# Work request
From the entries, copy each line that includes "with".

*** Opening of Records supplied ***

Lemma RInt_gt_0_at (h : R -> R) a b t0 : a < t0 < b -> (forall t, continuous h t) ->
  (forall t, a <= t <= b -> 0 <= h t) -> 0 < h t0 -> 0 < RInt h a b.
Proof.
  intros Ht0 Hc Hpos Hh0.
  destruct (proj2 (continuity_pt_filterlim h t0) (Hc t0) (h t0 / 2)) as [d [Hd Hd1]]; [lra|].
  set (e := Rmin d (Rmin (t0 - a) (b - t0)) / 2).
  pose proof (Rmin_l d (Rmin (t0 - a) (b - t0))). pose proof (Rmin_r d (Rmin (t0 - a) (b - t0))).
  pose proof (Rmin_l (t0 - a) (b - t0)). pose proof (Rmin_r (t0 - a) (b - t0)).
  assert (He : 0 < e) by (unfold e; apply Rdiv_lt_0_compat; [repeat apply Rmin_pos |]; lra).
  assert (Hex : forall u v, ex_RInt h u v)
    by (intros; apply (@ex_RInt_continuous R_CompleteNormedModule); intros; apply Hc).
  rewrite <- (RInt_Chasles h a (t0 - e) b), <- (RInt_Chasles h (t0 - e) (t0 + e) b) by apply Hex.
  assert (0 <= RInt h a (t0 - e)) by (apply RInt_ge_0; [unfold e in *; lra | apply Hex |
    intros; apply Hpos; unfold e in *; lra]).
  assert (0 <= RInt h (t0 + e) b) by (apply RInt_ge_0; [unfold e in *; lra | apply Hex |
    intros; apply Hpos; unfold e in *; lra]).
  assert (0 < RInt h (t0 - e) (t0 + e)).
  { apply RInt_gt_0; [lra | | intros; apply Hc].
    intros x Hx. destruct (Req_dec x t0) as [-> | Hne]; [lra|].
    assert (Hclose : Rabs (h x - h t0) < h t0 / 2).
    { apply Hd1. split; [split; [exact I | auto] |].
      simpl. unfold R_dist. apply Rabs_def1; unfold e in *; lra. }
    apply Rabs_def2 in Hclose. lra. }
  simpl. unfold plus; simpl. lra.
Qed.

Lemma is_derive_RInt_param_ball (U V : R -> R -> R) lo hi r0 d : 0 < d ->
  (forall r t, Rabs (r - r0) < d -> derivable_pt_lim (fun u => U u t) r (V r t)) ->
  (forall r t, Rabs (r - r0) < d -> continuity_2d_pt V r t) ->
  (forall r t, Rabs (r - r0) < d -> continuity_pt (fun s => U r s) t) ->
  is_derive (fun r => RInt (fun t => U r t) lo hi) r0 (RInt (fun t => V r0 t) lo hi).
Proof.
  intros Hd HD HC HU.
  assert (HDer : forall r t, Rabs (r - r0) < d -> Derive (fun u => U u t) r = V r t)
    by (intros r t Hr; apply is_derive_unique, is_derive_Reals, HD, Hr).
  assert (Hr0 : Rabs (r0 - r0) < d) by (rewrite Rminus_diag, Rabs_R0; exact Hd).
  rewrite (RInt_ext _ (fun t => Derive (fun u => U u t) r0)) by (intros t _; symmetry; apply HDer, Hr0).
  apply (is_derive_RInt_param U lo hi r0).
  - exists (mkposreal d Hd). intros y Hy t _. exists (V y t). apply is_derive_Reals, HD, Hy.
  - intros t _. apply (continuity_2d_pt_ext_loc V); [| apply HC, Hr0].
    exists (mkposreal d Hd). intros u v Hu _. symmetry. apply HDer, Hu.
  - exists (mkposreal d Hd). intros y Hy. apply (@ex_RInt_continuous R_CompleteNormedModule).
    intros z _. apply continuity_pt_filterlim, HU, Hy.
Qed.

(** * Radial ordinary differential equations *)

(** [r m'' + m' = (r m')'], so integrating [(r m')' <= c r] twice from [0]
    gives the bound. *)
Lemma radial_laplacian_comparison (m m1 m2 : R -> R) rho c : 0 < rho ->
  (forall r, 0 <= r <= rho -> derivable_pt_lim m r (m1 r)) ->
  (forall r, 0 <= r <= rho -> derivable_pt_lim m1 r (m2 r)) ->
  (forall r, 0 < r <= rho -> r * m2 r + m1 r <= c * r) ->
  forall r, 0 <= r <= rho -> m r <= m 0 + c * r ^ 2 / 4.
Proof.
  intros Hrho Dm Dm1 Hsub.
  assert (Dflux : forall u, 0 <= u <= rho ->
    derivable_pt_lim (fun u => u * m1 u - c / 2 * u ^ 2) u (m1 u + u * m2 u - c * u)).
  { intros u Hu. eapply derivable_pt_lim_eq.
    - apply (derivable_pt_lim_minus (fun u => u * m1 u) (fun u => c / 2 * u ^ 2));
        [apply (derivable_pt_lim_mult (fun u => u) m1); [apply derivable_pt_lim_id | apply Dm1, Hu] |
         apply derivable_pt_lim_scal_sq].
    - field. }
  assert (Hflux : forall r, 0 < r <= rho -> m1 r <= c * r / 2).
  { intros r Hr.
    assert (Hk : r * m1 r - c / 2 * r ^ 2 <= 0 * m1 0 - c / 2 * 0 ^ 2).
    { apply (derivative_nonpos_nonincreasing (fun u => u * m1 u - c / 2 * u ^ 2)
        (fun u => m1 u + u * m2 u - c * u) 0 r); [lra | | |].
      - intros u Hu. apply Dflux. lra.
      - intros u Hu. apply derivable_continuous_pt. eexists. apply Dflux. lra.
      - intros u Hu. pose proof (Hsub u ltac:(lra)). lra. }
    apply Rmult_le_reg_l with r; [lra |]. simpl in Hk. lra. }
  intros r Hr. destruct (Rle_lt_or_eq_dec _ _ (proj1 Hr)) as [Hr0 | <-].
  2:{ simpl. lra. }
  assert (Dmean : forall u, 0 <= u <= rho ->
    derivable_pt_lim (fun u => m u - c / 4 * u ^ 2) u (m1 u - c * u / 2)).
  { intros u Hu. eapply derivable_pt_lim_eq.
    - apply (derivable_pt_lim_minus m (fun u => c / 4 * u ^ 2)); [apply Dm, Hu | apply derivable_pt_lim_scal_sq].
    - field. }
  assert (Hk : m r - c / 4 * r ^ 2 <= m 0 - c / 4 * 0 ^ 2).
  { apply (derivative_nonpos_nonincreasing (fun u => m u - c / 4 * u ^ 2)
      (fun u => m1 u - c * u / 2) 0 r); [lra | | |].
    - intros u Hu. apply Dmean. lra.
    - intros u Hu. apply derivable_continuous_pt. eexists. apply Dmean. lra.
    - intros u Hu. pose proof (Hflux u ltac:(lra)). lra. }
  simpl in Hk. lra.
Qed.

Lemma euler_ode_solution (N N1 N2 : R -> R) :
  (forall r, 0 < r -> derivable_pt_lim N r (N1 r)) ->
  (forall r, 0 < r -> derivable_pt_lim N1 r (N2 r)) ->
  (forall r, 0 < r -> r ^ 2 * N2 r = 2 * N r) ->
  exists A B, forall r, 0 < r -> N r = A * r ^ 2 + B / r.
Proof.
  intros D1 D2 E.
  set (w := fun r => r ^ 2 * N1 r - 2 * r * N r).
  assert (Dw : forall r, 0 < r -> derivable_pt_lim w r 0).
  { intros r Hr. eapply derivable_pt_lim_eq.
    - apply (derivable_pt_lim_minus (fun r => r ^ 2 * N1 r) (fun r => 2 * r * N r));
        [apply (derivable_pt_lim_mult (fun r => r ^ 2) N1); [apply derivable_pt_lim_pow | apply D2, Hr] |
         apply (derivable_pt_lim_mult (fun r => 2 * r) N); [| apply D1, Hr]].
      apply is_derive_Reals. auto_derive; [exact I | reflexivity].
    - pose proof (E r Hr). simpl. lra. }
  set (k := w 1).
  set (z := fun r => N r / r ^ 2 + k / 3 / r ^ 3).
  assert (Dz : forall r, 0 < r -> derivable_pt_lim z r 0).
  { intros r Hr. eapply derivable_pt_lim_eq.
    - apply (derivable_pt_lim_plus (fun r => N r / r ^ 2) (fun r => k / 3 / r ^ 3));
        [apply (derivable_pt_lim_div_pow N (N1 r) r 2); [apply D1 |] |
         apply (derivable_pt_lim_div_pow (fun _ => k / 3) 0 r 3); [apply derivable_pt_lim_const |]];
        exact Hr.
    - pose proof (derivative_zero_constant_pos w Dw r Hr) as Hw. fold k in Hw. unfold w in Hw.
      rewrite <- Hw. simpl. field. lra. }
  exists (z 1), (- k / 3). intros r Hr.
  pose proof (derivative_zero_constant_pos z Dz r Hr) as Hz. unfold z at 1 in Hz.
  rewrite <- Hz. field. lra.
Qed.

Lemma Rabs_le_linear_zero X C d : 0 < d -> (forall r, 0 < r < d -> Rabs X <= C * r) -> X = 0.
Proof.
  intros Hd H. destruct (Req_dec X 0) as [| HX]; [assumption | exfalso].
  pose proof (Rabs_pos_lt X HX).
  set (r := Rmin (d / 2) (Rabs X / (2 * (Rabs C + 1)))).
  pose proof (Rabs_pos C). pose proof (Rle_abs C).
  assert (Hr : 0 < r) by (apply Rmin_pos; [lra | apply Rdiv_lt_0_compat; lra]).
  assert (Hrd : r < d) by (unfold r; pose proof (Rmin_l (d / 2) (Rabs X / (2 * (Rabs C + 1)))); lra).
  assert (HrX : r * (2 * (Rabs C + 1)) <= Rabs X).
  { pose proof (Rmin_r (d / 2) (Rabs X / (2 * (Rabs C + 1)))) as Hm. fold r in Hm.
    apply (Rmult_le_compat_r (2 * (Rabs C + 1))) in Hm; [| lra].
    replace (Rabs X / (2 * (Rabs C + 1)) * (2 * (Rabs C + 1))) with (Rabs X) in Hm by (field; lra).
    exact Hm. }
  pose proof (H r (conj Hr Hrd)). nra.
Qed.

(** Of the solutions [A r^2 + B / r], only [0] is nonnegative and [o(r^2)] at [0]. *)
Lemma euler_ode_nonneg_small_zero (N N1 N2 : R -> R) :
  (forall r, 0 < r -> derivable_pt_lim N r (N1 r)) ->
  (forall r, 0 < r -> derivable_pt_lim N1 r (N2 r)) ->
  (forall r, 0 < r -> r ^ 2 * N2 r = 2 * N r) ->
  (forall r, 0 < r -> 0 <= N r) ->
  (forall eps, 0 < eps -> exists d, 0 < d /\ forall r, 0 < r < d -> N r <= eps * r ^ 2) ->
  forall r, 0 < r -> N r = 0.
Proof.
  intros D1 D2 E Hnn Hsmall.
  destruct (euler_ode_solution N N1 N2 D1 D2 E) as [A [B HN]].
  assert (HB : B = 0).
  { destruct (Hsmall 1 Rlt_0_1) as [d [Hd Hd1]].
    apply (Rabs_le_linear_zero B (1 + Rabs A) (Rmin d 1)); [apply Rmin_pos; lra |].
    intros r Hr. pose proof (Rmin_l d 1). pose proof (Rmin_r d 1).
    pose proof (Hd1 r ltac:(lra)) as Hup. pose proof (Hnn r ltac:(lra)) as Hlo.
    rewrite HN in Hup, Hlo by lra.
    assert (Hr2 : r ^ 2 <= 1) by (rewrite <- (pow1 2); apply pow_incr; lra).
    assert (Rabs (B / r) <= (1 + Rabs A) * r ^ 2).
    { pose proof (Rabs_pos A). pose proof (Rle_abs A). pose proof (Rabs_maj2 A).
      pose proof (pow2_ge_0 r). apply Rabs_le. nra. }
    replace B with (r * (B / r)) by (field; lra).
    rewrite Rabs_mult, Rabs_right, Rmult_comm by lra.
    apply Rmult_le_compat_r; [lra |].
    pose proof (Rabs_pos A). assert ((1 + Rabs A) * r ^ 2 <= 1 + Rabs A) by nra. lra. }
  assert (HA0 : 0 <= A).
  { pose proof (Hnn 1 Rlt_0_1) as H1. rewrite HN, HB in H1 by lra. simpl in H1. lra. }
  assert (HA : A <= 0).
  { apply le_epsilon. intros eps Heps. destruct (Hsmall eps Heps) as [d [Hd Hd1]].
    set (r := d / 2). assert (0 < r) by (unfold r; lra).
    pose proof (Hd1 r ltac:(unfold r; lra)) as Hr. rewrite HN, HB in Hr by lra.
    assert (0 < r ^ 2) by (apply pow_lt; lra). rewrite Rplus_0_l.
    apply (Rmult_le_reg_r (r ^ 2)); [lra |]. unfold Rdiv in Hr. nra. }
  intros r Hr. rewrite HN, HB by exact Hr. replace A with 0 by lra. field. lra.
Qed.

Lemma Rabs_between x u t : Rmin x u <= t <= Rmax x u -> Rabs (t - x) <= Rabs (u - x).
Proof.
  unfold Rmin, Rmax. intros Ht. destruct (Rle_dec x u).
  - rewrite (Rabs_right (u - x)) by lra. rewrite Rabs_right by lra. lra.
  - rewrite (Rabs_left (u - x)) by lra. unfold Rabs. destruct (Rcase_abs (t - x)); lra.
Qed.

*** Close of Records supplied ***

# Worked solution
    apply Rmult_le_reg_l with r; [lra |]. simpl in Hk. lra. }
    replace (Rabs X / (2 * (Rabs C + 1)) * (2 * (Rabs C + 1))) with (Rabs X) in Hm by (field; lra).
    replace B with (r * (B / r)) by (field; lra).
  intros r Hr. rewrite HN, HB by exact Hr. replace A with 0 by lra. field. lra.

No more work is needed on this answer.